▶ _WORK INSTRUCTIONS_
The expected answer is the set of lines in the data below between the line holding "intros Ha Hx. unfold" and the line holding "with (Rpower ((1", inclusive, written out exactly.

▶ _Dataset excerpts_
* * * *

Theorem lemma2p2 (N I T : Type) (ltN : N -> N -> Prop) (ltI : I -> I -> Prop)
  (mu : N) (B : N -> I -> T -> Prop) (xi : N -> I -> Prop) :
  is_wellorder ltN -> is_wellorder ltI -> is_limit ltN mu ->
  (forall nu, ltN nu mu -> is_base_enum ltI (B nu) (xi nu)) ->
  (forall nu nu', ltN nu nu' -> ltN nu' mu ->
     benum_le (B nu) (xi nu) (B nu') (xi nu')) ->
  is_base_enum ltI (lim_B ltN mu B xi) (lim_xi ltN mu xi) /\
  (forall nu, ltN nu mu ->
     benum_le (B nu) (xi nu) (lim_B ltN mu B xi) (lim_xi ltN mu xi)) /\
  ((forall nu, ltN nu mu ->
      exists nu', (nu' = nu \/ ltN nu nu') /\ ltN nu' mu /\ hausdorff (B nu') (xi nu')) ->
   hausdorff (lim_B ltN mu B xi) (lim_xi ltN mu xi)) /\
  (forall (sigma : N) (a : T) (A : T -> Prop),
     ltN sigma mu -> carrier (B sigma) (xi sigma) a ->
     (forall x, A x -> carrier (B sigma) (xi sigma) x) ->
     (forall nu, ltN sigma nu -> ltN nu mu -> in_closure (B nu) (xi nu) A a) ->
     in_closure (lim_B ltN mu B xi) (lim_xi ltN mu xi) A a).
Proof.
  intros [_ [Htrans [Htri _]]] _ [_ Hsucc] Hbase Hchain.
  assert (Hdirected : forall a b, ltN a mu -> ltN b mu ->
            exists m, ltN m mu /\ clos_refl N ltN a m /\ clos_refl N ltN b m).
  { intros a b Ha Hb.
    destruct (trichotomous_directed ltN Htri a b) as [m [Ham [Hbm [-> | ->]]]]; eauto. }
  split; [apply lim_base_enum; assumption|].
  split; [intros nu Hnu; apply benum_le_lim; assumption|].
  split; [apply lim_hausdorff; assumption|].
  intros sigma a A Hsigma Ha _ Hcl.
  apply lim_in_closure with (sigma := sigma); auto.
Qed.
(* Let $\mathbb T$ be a geometric theory over $\Sigma$, $\mathbb X=(X_1\rightrightarrows X_0)$ a small groupoid and $p:\mathbb X\to\mathbb T\text{-}\mathbf{Mod}(\mathbf{Set})$ a functor with an $I$-indexing of $(\mathbb X,p)$. If $(\mathbb X,p)$ eliminates parameters, then $\mathbb X^{\log}=(X_1^{\tau_1^{\log}}\rightrightarrows X_0^{\tau_0^{\log}})$ is an open topological groupoid.
   Context: Indexings and definables. Let $\Sigma$ be a (possibly many-sorted) first-order signature and $\mathbb T$ a geometric theory over $\Sigma$; $\mathbb T\text{-}\mathbf{Mod}(\mathbf{Set})$ is the category of set-based models and homomorphisms. Given, for each sort $k$ of $\Sigma$, a set $I_k$ (the parameters of sort $k$; write $I=(I_k)_k$), an $I$-indexing of a $\Sigma$-structure $M$ is, for each sort $k$, a partial surjection from $I_k$ onto the interpretation $M_k$ of sort $k$ (i.e. a subset $I'_k\subseteq I_k$ and a surjection $I'_k\to M_k$); parameters in $I'_k$ are said to be interpreted in $M$, and we also write $m$ for the element of $M$ denoted by a parameter $m$. Given a small groupoid $\mathbb X=(X_1\rightrightarrows X_0)$ and a functor $p:\mathbb X\to\mathbb T\text{-}\mathbf{Mod}(\mathbf{Set})$, an $I$-indexing of $(\mathbb X,p)$ is a choice of an $I$-indexing of $p(x)$ for each $x\in X_0$ (different models may share parameters). For a geometric formula $\varphi$ over $\Sigma$ in context $\vec x$, $[\![\vec x:\varphi]\!]_{\mathbb X}=\{\langle\vec n,x\rangle: x\in X_0,\ \vec n\text{ a tuple of }p(x),\ p(x)\models\varphi(\vec n)\}$. For a tuple of parameters $\vec m$ and a geometric formula $\psi(\vec x,\vec y)$, $[\![\vec x,\vec m:\psi]\!]_{\mathbb X}=\{\langle\vec n,x\rangle: \vec m\text{ is interpreted in }p(x),\ p(x)\models\psi(\vec n,\vec m)\}$, and its orbit is $\overline{[\![\vec x,\vec m:\psi]\!]}_{\mathbb X}=\{\langle\vec n,y\rangle:\exists\,(\alpha:x\to y)\in X_1\text{ with }\langle p(\alpha)^{-1}(\vec n),x\rangle\in[\![\vec x,\vec m:\psi]\!]_{\mathbb X}\}$. The pair $(\mathbb X,p)$ eliminates parameters if for every tuple of parameters $\vec m$ and every geometric formula $\psi$ there is a geometric formula $\varphi$ over $\Sigma$ without parameters in context $\vec x$ with $\overline{[\![\vec x,\vec m:\psi]\!]}_{\mathbb X}=[\![\vec x:\varphi]\!]_{\mathbb X}$. Logical topologies. The logical topology on objects $\tau_0^{\log}$ on $X_0$ is generated by the sets $[\![\vec m:\varphi]\!]_{\mathbb X}=\{x\in X_0:\vec m\text{ interpreted in }p(x),\ p(x)\models\varphi(\vec m)\}$, for tuples of parameters $\vec m$ and geometric formulae $\varphi$. The logical topology on arrows $\tau_1^{\log}$ on $X_1$ is generated by the sets of all $(\alpha:x\to y)\in X_1$ such that $\vec a,\vec b$ are interpreted in $p(x)$, $\vec c,\vec d$ are interpreted in $p(y)$, $p(x)\models\varphi(\vec a)$, $p(\alpha)(\vec b)=\vec c$ and $p(y)\models\psi(\vec d)$, for tuples of parameters $\vec a,\vec b,\vec c,\vec d$ and geometric formulae $\varphi,\psi$. With these topologies $\mathbb X$ is a topological groupoid (all structure maps continuous), denoted $\mathbb X^{\log}$. A topological groupoid is open if its source map is open. *)

From Stdlib Require Import List.
Import ListNotations.

Record signature := {
  sort : Type;
  funsym : Type;
  relsym : Type;
  fdom : funsym -> list sort;
  fcod : funsym -> sort;
  rdom : relsym -> list sort
}.

Section Syntax.
Context {Sg : signature}.
Local Notation S := (sort Sg).

Inductive hlist (A : S -> Type) : list S -> Type :=
| hnil : hlist A []
| hcons : forall s l, A s -> hlist A l -> hlist A (s :: l).
Arguments hnil {A}.
Arguments hcons {A s l} _ _.

Definition hhead {A s l} (h : hlist A (s :: l)) : A s :=
  match h in hlist _ l0 return match l0 with [] => unit | s' :: _ => A s' end with
  | hnil => tt
  | hcons a _ => a
  end.

Definition htail {A s l} (h : hlist A (s :: l)) : hlist A l :=
  match h in hlist _ l0 return match l0 with [] => unit | _ :: l' => hlist A l' end with
  | hnil => tt
  | hcons _ t => t
  end.

Fixpoint hmap {A B : S -> Type} (f : forall s, A s -> B s) {l} (h : hlist A l) : hlist B l :=
  match h with
  | hnil => hnil
  | hcons a t => hcons (f _ a) (hmap f t)
  end.

Fixpoint happ {A : S -> Type} {l1 l2} (h1 : hlist A l1) (h2 : hlist A l2) : hlist A (l1 ++ l2) :=
  match h1 in hlist _ l return hlist A (l ++ l2) with
  | hnil => h2
  | hcons a t => hcons a (happ t h2)
  end.

Fixpoint hseq {A : S -> Type} {l} (h : hlist (fun s => option (A s)) l) : option (hlist A l) :=
  match h with
  | hnil => Some hnil
  | hcons oa t =>
      match oa, hseq t with
      | Some a, Some t' => Some (hcons a t')
      | _, _ => None
      end
  end.

Inductive var : list S -> S -> Type :=
| vz : forall s l, var (s :: l) s
| vs : forall s t l, var l s -> var (t :: l) s.

Fixpoint hget {A : S -> Type} {l s} (v : var l s) : hlist A l -> A s :=
  match v in var l0 s0 return hlist A l0 -> A s0 with
  | vz _ _ => fun h => hhead h
  | vs _ _ _ v' => fun h => hget v' (htail h)
  end.

Inductive term (G : list S) : S -> Type :=
| tvar : forall s, var G s -> term G s
| tapp : forall f : funsym Sg, terms G (fdom Sg f) -> term G (fcod Sg f)
with terms (G : list S) : list S -> Type :=
| tnil : terms G []
| tcons : forall s l, term G s -> terms G l -> terms G (s :: l).

(* geometric formulas in context G: atomic formulas, truth, binary
   conjunction, arbitrary (set-indexed, possibly empty) disjunction,
   existential quantification. Falsity is the empty disjunction. *)
Inductive formula : list S -> Type :=
| fTop : forall G, formula G
| fRel : forall G (r : relsym Sg), terms G (rdom Sg r) -> formula G
| fEq : forall G s, term G s -> term G s -> formula G
| fAnd : forall G, formula G -> formula G -> formula G
| fOr : forall G (J : Type), (J -> formula G) -> formula G
| fEx : forall G s, formula (s :: G) -> formula G.

End Syntax.

Arguments hnil {Sg A}.
Arguments hcons {Sg A s l} _ _.
Arguments tvar {Sg G s} _.
Arguments tapp {Sg G} _ _.
Arguments tnil {Sg G}.
Arguments tcons {Sg G s l} _ _.
Arguments fTop {Sg G}.
Arguments fRel {Sg G} _ _.
Arguments fEq {Sg G s} _ _.
Arguments fAnd {Sg G} _ _.
Arguments fOr {Sg G J} _.
Arguments fEx {Sg G s} _.

Record structure (Sg : signature) := {
  car : sort Sg -> Type;
  fint : forall f : funsym Sg, hlist car (fdom Sg f) -> car (fcod Sg f);
  rint : forall r : relsym Sg, hlist car (rdom Sg r) -> Prop
}.
Arguments car {Sg} _ _.
Arguments fint {Sg} _ _ _.
Arguments rint {Sg} _ _ _.
Lemma xi_stepE T k :
  (entry (heart T) k \in arm T) || (entry (heart T) k \in leg T) ->
  xi_step T k.+1 = code_step (k.+3 == heart T) (entry (heart T) k \in arm T).
Proof.
rewrite /xi_step entryE; case: (ltngtP k.+3 (heart T)) => _;
  by rewrite !andbT !andbF; case: (_ \in arm T) => //= ->.
Qed.

Lemma count_armstep_code h A N :
  count armstep (code h A N) = size (entries h N (fun k => entry h k \in A)).
Proof.
rewrite size_map size_filter count_map.
by apply: eq_count => k; rewrite /= armstep_code.
Qed.

Lemma count_backstep_code h A N : 3 <= h <= N.+2 -> count backstep (code h A N) = 1.
Proof.
move=> hN; rewrite count_map (eq_count (a2 := pred1 (h - 3))); last first.
  by move=> k /=; rewrite backstep_code; apply/eqP/eqP; lia.
by rewrite count_uniq_mem ?iota_uniq // mem_iota; case/andP: hN => h3 hN; rewrite /= add0n; lia.
Qed.

Lemma path_heart_code h A N : 3 <= h <= N.+2 -> path_heart (code h A N) = h.
Proof.
move=> /andP[h3 hN]; rewrite /path_heart /code find_map.
rewrite (eq_find (_ : _ =1 pred1 (h - 3))); last first.
  by move=> k /=; rewrite backstep_code; apply/eqP/eqP; lia.
have h3N : h - 3 < size (iota 0 N) by rewrite size_iota; lia.
have := index_uniq 0 h3N (iota_uniq 0 N).
rewrite nth_iota ?add0n /index => [->|]; [lia | by rewrite size_iota in h3N].
Qed.
Lemma RInt_beta_kernel_sym (p q a b : R) : 0 < a < 1 -> 0 < b < 1 ->
  RInt (beta_kernel p q) a b = RInt (beta_kernel q p) (1 - b) (1 - a).
Proof.
  intros Ha Hb.
  pose proof (RInt_comp_lin (beta_kernel p q) (-1) 1 (1 - a) (1 - b)) as Hlin.
  replace (-1 * (1 - a) + 1) with a in Hlin by ring.
  replace (-1 * (1 - b) + 1) with b in Hlin by ring.
  rewrite <- Hlin by (apply ex_RInt_beta_kernel; assumption).
  rewrite <- (opp_RInt_swap (beta_kernel q p)) by (apply ex_RInt_beta_kernel; lra).
  rewrite <- RInt_opp by (apply ex_RInt_beta_kernel; lra).
  apply RInt_ext. intros s _. unfold scal, opp; simpl; unfold mult; simpl.
  replace (-1 * s + 1) with (1 - s) by ring. rewrite beta_kernel_sym. ring.
Qed.

Lemma ex_lim_RInt_beta_kernel (p q : R) : 0 < p -> 0 < q ->
  exists l, filterlim (fun ab => RInt (beta_kernel p q) (fst ab) (snd ab))
              (filter_prod (at_right 0) (at_left 1)) (locally l).
Proof.
  intros Hp Hq. apply (filterlim_locally_cauchy (U := R_CompleteSpace)).
  intros eps. pose proof (cond_pos eps) as Heps.
  destruct (RInt_beta_kernel_small_0 p q Hp (eps / 2)) as [d0 [Hd0 Hsmall0]]; [lra|].
  destruct (RInt_beta_kernel_small_0 q p Hq (eps / 2)) as [d1 [Hd1 Hsmall1]]; [lra|].
  exists (fun ab => 0 < fst ab < d0 /\ 1 - d1 < snd ab < 1). split.
  - apply (Filter_prod _ _ _ _ _ (at_right_lt 0 d0 ltac:(lra)) (at_left_gt 1 d1 ltac:(lra))).
    intros a b Ha Hb. simpl. split; lra.
  - intros [a b] [a' b'] [Ha Hb] [Ha' Hb']; simpl in *.
    change (Rabs (RInt (beta_kernel p q) a' b' - RInt (beta_kernel p q) a b) < eps).
    assert (Hchasles : RInt (beta_kernel p q) a' b' - RInt (beta_kernel p q) a b
      = RInt (beta_kernel p q) a' a + RInt (beta_kernel q p) (1 - b') (1 - b)).
    { rewrite <- RInt_beta_kernel_sym by lra.
      rewrite <- (RInt_Chasles _ a' a b') by (apply ex_RInt_beta_kernel; lra).
      rewrite <- (RInt_Chasles _ a b b') by (apply ex_RInt_beta_kernel; lra).
      unfold plus; simpl. ring. }
    rewrite Hchasles. eapply Rle_lt_trans; [apply Rabs_triang|].
    pose proof (Hsmall0 a' a ltac:(lra) ltac:(lra)).
    pose proof (Hsmall1 (1 - b') (1 - b) ltac:(lra) ltac:(lra)). lra.
Qed.

Lemma is_RInt_gen_Beta (p q : R) : 0 < p -> 0 < q ->
  is_RInt_gen (beta_kernel p q) (at_right 0) (at_left 1) (Beta p q).
Proof.
  intros Hp Hq.
  change (Beta p q) with (RInt_gen (beta_kernel p q) (at_right 0) (at_left 1)).
  apply (RInt_gen_correct (V := R_CompleteNormedModule)).
  destruct (ex_lim_RInt_beta_kernel p q Hp Hq) as [l Hl].
  exists l. refine (filterlimi_lim_ext_loc _ _ _ Hl).
  refine (filter_imp _ _ _ unit_interval_eventually).
  intros ab [Ha Hb]. apply (RInt_correct (V := R_CompleteNormedModule)).
  apply ex_RInt_beta_kernel; assumption.
Qed.

Definition llogis_surv (alpha beta x : R) : R := / (1 + Rpower (x / alpha) beta).

Definition llogis_surv_deriv (alpha beta x : R) : R :=
  - (beta / x) * llogis_surv alpha beta x * (1 - llogis_surv alpha beta x).

Definition llogis_surv_inv (alpha beta s : R) : R := alpha * Rpower ((1 - s) / s) (/ beta).

Lemma llogis_surv_bounds (alpha beta x : R) : 0 < llogis_surv alpha beta x < 1.
Proof.
  unfold llogis_surv. pose proof (exp_pos (beta * ln (x / alpha))). unfold Rpower.
  split.
  - apply Rinv_0_lt_compat. lra.
  - rewrite <- Rinv_1. apply Rinv_lt_contravar; lra.
Qed.

Lemma is_derive_llogis_surv (alpha beta x : R) : 0 < alpha -> 0 < x ->
  is_derive (llogis_surv alpha beta) x (llogis_surv_deriv alpha beta x).
Proof.
  intros Ha Hx. unfold llogis_surv_deriv, llogis_surv, Rpower.
  pose proof (exp_pos (beta * ln (x / alpha))).
  assert (Hxa : 0 < x / alpha) by (apply Rdiv_lt_0_compat; assumption).
  auto_derive.
  - repeat split; lra.
  - change (x * / alpha) with (x / alpha). field. repeat split; lra.
Qed.

Lemma continuous_llogis_surv_deriv (alpha beta x : R) : 0 < alpha -> 0 < x ->
  continuous (llogis_surv_deriv alpha beta) x.
Proof.
  intros Ha Hx. apply (@ex_derive_continuous R_AbsRing R_NormedModule).
  unfold llogis_surv_deriv, llogis_surv, Rpower.
  pose proof (exp_pos (beta * ln (x / alpha))).
  assert (Hxa : 0 < x / alpha) by (apply Rdiv_lt_0_compat; assumption).
  auto_derive. repeat split; lra.
Qed.

Lemma llogis_surv_decreasing (alpha beta x y : R) : 0 < alpha -> 0 < beta ->
  0 < x < y -> llogis_surv alpha beta y < llogis_surv alpha beta x.
Proof.
  intros Ha Hb Hxy. unfold llogis_surv.
  assert (Hodds : Rpower (x / alpha) beta < Rpower (y / alpha) beta).
  { apply Rlt_Rpower_l; [exact Hb|]. split.
    - apply Rdiv_lt_0_compat; lra.
    - apply Rmult_lt_compat_r; [apply Rinv_0_lt_compat|]; lra. }
  pose proof (exp_pos (beta * ln (x / alpha))).
  apply Rinv_lt_contravar; [unfold Rpower in *; nra | lra].
Qed.

Lemma llogis_surv_inv_spec (alpha beta s : R) : 0 < alpha -> 0 < beta -> 0 < s < 1 ->
  0 < llogis_surv_inv alpha beta s /\
  llogis_surv alpha beta (llogis_surv_inv alpha beta s) = s.
Proof.
  intros Ha Hb Hs. unfold llogis_surv_inv, llogis_surv. split.
  - apply Rmult_lt_0_compat; [exact Ha | apply Rpower_pos].
  - replace (alpha * Rpower ((1 - s) / s) (/ beta) / alpha)
      with (Rpower ((1 - s) / s) (/ beta)) by (field; lra).
    rewrite Rpower_mult, Rinv_l, Rpower_1 by (lra || apply Rdiv_lt_0_compat; lra).
    replace (1 + (1 - s) / s) with (/ s) by (field; lra).
    apply Rinv_inv.
Qed.

Lemma ln_llogis_surv (alpha beta x : R) : 0 < alpha -> 0 < x ->
  ln (llogis_surv alpha beta x) = - ln (1 + Rpower (x / alpha) beta) /\
  ln (1 - llogis_surv alpha beta x)
  = beta * ln (x / alpha) - ln (1 + Rpower (x / alpha) beta).
Proof.
  intros Ha Hx.
  assert (Hxa : 0 < x / alpha) by (apply Rdiv_lt_0_compat; assumption).
  pose proof (Rpower_pos (x / alpha) beta).
  unfold llogis_surv. split.
  - apply ln_Rinv. lra.
  - replace (1 - / (1 + Rpower (x / alpha) beta))
      with (Rpower (x / alpha) beta / (1 + Rpower (x / alpha) beta)) by (field; lra).
    rewrite ln_div, ln_Rpower by lra. reflexivity.
Qed.

Lemma filterlim_llogis_surv_0 (alpha beta : R) : 0 < alpha -> 0 < beta ->
  filterlim (llogis_surv alpha beta) (at_right 0) (at_left 1).
Proof.
  intros Ha Hb P [eps HP].
  set (s := Rmax (1 / 2) (1 - eps)).
  assert (Hs : 0 < s < 1).
  { pose proof (Rmax_l (1 / 2) (1 - eps)). pose proof (cond_pos eps).
    unfold s; split; [lra | apply Rmax_lub_lt; lra]. }
  destruct (llogis_surv_inv_spec alpha beta s Ha Hb Hs) as [Hd Hinv].
  exists (mkposreal _ Hd). intros x Hball Hx.
  change (Rabs (x - 0) < llogis_surv_inv alpha beta s) in Hball.
  rewrite Rminus_0_r, Rabs_pos_eq in Hball by lra.
  pose proof (llogis_surv_decreasing alpha beta x _ Ha Hb (conj Hx Hball)) as Hlt.
  rewrite Hinv in Hlt.
  pose proof (llogis_surv_bounds alpha beta x). pose proof (Rmax_r (1 / 2) (1 - eps)).
  apply HP; [|lra].
  change (Rabs (llogis_surv alpha beta x - 1) < eps).
  rewrite Rabs_minus_sym, Rabs_pos_eq; unfold s in *; lra.
Qed.

Lemma filterlim_llogis_surv_infty (alpha beta : R) : 0 < alpha -> 0 < beta ->
  filterlim (llogis_surv alpha beta) (Rbar_locally p_infty) (at_right 0).
Proof.
  intros Ha Hb P [eps HP].
  set (s := Rmin (1 / 2) eps).
  assert (Hs : 0 < s < 1).
  { pose proof (Rmin_l (1 / 2) eps). pose proof (cond_pos eps).
    unfold s; split; [apply Rmin_pos|]; lra. }
  destruct (llogis_surv_inv_spec alpha beta s Ha Hb Hs) as [Hd Hinv].
  exists (llogis_surv_inv alpha beta s). intros x Hx.
  pose proof (llogis_surv_decreasing alpha beta _ x Ha Hb (conj Hd Hx)) as Hlt.
  rewrite Hinv in Hlt.
  pose proof (llogis_surv_bounds alpha beta x). pose proof (Rmin_r (1 / 2) eps).
  apply HP; [|lra].
  change (Rabs (llogis_surv alpha beta x - 0) < eps).
  rewrite Rminus_0_r, Rabs_pos_eq; unfold s in *; lra.
Qed.

Lemma c_coef_pos (i n : nat) : 0 < c_coef i n.
Proof.
  unfold c_coef. apply Rdiv_lt_0_compat; [apply INR_fact_lt_0|].
  apply Rmult_lt_0_compat; apply INR_fact_lt_0.
Qed.

Definition log_f_os (n i : nat) (alpha beta x : R) : R :=
  ln (c_coef i n) + ln beta + (INR i * beta - 1) * ln (x / alpha) - ln alpha
  - (INR n + 1) * ln (1 + Rpower (x / alpha) beta).

Lemma ln_f_os (n i : nat) (alpha beta x : R) : 0 < alpha -> 0 < beta -> 0 < x ->
  ln (f_os n i alpha beta x) = log_f_os n i alpha beta x.
Proof.
  intros Ha Hb Hx. pose proof (c_coef_pos i n) as Hc.
  pose proof Rpower_pos as Hpow.
  assert (Hcb : 0 < c_coef i n * beta) by (apply Rmult_lt_0_compat; assumption).
  unfold f_os, log_f_os.
  rewrite ln_div, !ln_mult; auto using Rmult_lt_0_compat.
  rewrite !ln_Rpower. ring.
Qed.

Lemma score_eq (n i : nat) (alpha beta x : R) : 0 < alpha -> 0 < beta -> 0 < x ->
  score n i alpha beta x =
  beta / alpha * (INR n + 1 - INR i - (INR n + 1) * llogis_surv alpha beta x).
Proof.
  intros Ha Hb Hx. unfold score.
  rewrite (Derive_ext_loc _ (fun a => log_f_os n i a beta x)).
  2:{ exists (mkposreal alpha Ha). intros a Hball.
      change (Rabs (a - alpha) < alpha) in Hball. apply Rabs_def2 in Hball.
      apply ln_f_os; lra. }
  apply is_derive_unique. unfold log_f_os, llogis_surv, Rpower.
  pose proof (exp_pos (beta * ln (x / alpha))).
  assert (Hxa : 0 < x / alpha) by (apply Rdiv_lt_0_compat; assumption).
  auto_derive.
  - repeat split; lra.
  - change (x * / alpha) with (x / alpha). field. repeat split; lra.
Qed.

Definition xi_beta_p (n i : nat) (beta tau : R) : R :=
  (INR (n - i + 1) * tau * beta + INR (n - i + 1) * beta + tau) / beta.

Definition xi_beta_q (i : nat) (beta tau : R) : R :=
  (INR i * tau * beta + INR i * beta - tau) / beta.

Lemma f_os_pow_eq (n i : nat) (alpha beta tau x : R) : (i <= n)%nat ->
  0 < alpha -> 0 < beta -> 0 < x ->
  beta / alpha * Rpower (f_os n i alpha beta x) (tau + 1) =
  - llogis_surv_deriv alpha beta x
  * (Rpower (c_coef i n) (tau + 1) * Rpower (beta / alpha) (tau + 1))
  * beta_kernel (xi_beta_p n i beta tau) (xi_beta_q i beta tau) (llogis_surv alpha beta x).
Proof.
  intros Hin Ha Hb Hx.
  pose proof (c_coef_pos i n) as Hc.
  pose proof Rpower_pos as Hpow.
  assert (Hba : 0 < beta / alpha) by (apply Rdiv_lt_0_compat; assumption).
  assert (Hxa : 0 < x / alpha) by (apply Rdiv_lt_0_compat; assumption).
  pose proof (llogis_surv_bounds alpha beta x) as [HS HS1].
  pose proof (ln_llogis_surv alpha beta x Ha Hx) as [HlnS Hln1S].
  set (S := llogis_surv alpha beta x) in *.
  assert (H1S : 0 < 1 - S) by lra.
  set (L := ln (x / alpha)) in *. set (l := ln (1 + Rpower (x / alpha) beta)) in *.
  assert (Hlnx : ln x = ln alpha + L).
  { unfold L. rewrite <- ln_mult by assumption. f_equal. field. lra. }
  assert (Hderiv : - llogis_surv_deriv alpha beta x = beta / x * S * (1 - S))
    by (unfold llogis_surv_deriv; fold S; ring).
  assert (Hbx : 0 < beta / x) by (apply Rdiv_lt_0_compat; assumption).
  assert (Hsurv_deriv : 0 < beta / x * S * (1 - S))
    by (apply Rmult_lt_0_compat; [apply Rmult_lt_0_compat|]; lra).
  assert (Hconst : 0 < Rpower (c_coef i n) (tau + 1) * Rpower (beta / alpha) (tau + 1))
    by (apply Rmult_lt_0_compat; auto).
  rewrite Hderiv.
  apply ln_inv.
  - apply Rmult_lt_0_compat; auto.
  - apply Rmult_lt_0_compat; [apply Rmult_lt_0_compat|]; auto using beta_kernel_pos.
  - unfold beta_kernel.
    rewrite !ln_mult, !ln_div, !ln_Rpower, ln_f_os by auto using Rmult_lt_0_compat.
    rewrite HlnS, Hln1S, Hlnx, ln_div by assumption.
    unfold log_f_os, xi_beta_p, xi_beta_q. fold L l.
    rewrite plus_INR, minus_INR by exact Hin. simpl INR. field. lra.
Qed.

Definition xi_subst_integrand (n i : nat) (alpha beta tau s : R) : R :=
  Rpower (c_coef i n) (tau + 1) * Rpower (beta / alpha) (tau + 1)
  * (INR n + 1 - INR i - (INR n + 1) * s)
  * beta_kernel (xi_beta_p n i beta tau) (xi_beta_q i beta tau) s.

Lemma xi_integrand_eq (n i : nat) (alpha beta tau x : R) : (i <= n)%nat ->
  0 < alpha -> 0 < beta -> 0 < x ->
  xi_integrand n i alpha beta tau x =
  llogis_surv_deriv alpha beta x
  * - xi_subst_integrand n i alpha beta tau (llogis_surv alpha beta x).
Proof.
  intros Hin Ha Hb Hx. unfold xi_integrand, xi_subst_integrand.
  rewrite score_eq by assumption.
  rewrite Rmult_comm, <- Rmult_assoc, (Rmult_comm _ (beta / alpha)).
  rewrite f_os_pow_eq by assumption. ring.
Qed.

* * * *

▶ _RESPONSE BELOW_
  intros Ha Hx. unfold llogis_surv_deriv, llogis_surv, Rpower.
  pose proof (exp_pos (beta * ln (x / alpha))).
  assert (Hxa : 0 < x / alpha) by (apply Rdiv_lt_0_compat; assumption).
  auto_derive.
  - repeat split; lra.
  - change (x * / alpha) with (x / alpha). field. repeat split; lra.
Qed.

Lemma continuous_llogis_surv_deriv (alpha beta x : R) : 0 < alpha -> 0 < x ->
  continuous (llogis_surv_deriv alpha beta) x.
Proof.
  intros Ha Hx. apply (@ex_derive_continuous R_AbsRing R_NormedModule).
  unfold llogis_surv_deriv, llogis_surv, Rpower.
  pose proof (exp_pos (beta * ln (x / alpha))).
  assert (Hxa : 0 < x / alpha) by (apply Rdiv_lt_0_compat; assumption).
  auto_derive. repeat split; lra.
Qed.

Lemma llogis_surv_decreasing (alpha beta x y : R) : 0 < alpha -> 0 < beta ->
  0 < x < y -> llogis_surv alpha beta y < llogis_surv alpha beta x.
Proof.
  intros Ha Hb Hxy. unfold llogis_surv.
  assert (Hodds : Rpower (x / alpha) beta < Rpower (y / alpha) beta).
  { apply Rlt_Rpower_l; [exact Hb|]. split.
    - apply Rdiv_lt_0_compat; lra.
    - apply Rmult_lt_compat_r; [apply Rinv_0_lt_compat|]; lra. }
  pose proof (exp_pos (beta * ln (x / alpha))).
  apply Rinv_lt_contravar; [unfold Rpower in *; nra | lra].
Qed.

Lemma llogis_surv_inv_spec (alpha beta s : R) : 0 < alpha -> 0 < beta -> 0 < s < 1 ->
  0 < llogis_surv_inv alpha beta s /\
  llogis_surv alpha beta (llogis_surv_inv alpha beta s) = s.
Proof.
  intros Ha Hb Hs. unfold llogis_surv_inv, llogis_surv. split.
  - apply Rmult_lt_0_compat; [exact Ha | apply Rpower_pos].
  - replace (alpha * Rpower ((1 - s) / s) (/ beta) / alpha)
      with (Rpower ((1 - s) / s) (/ beta)) by (field; lra).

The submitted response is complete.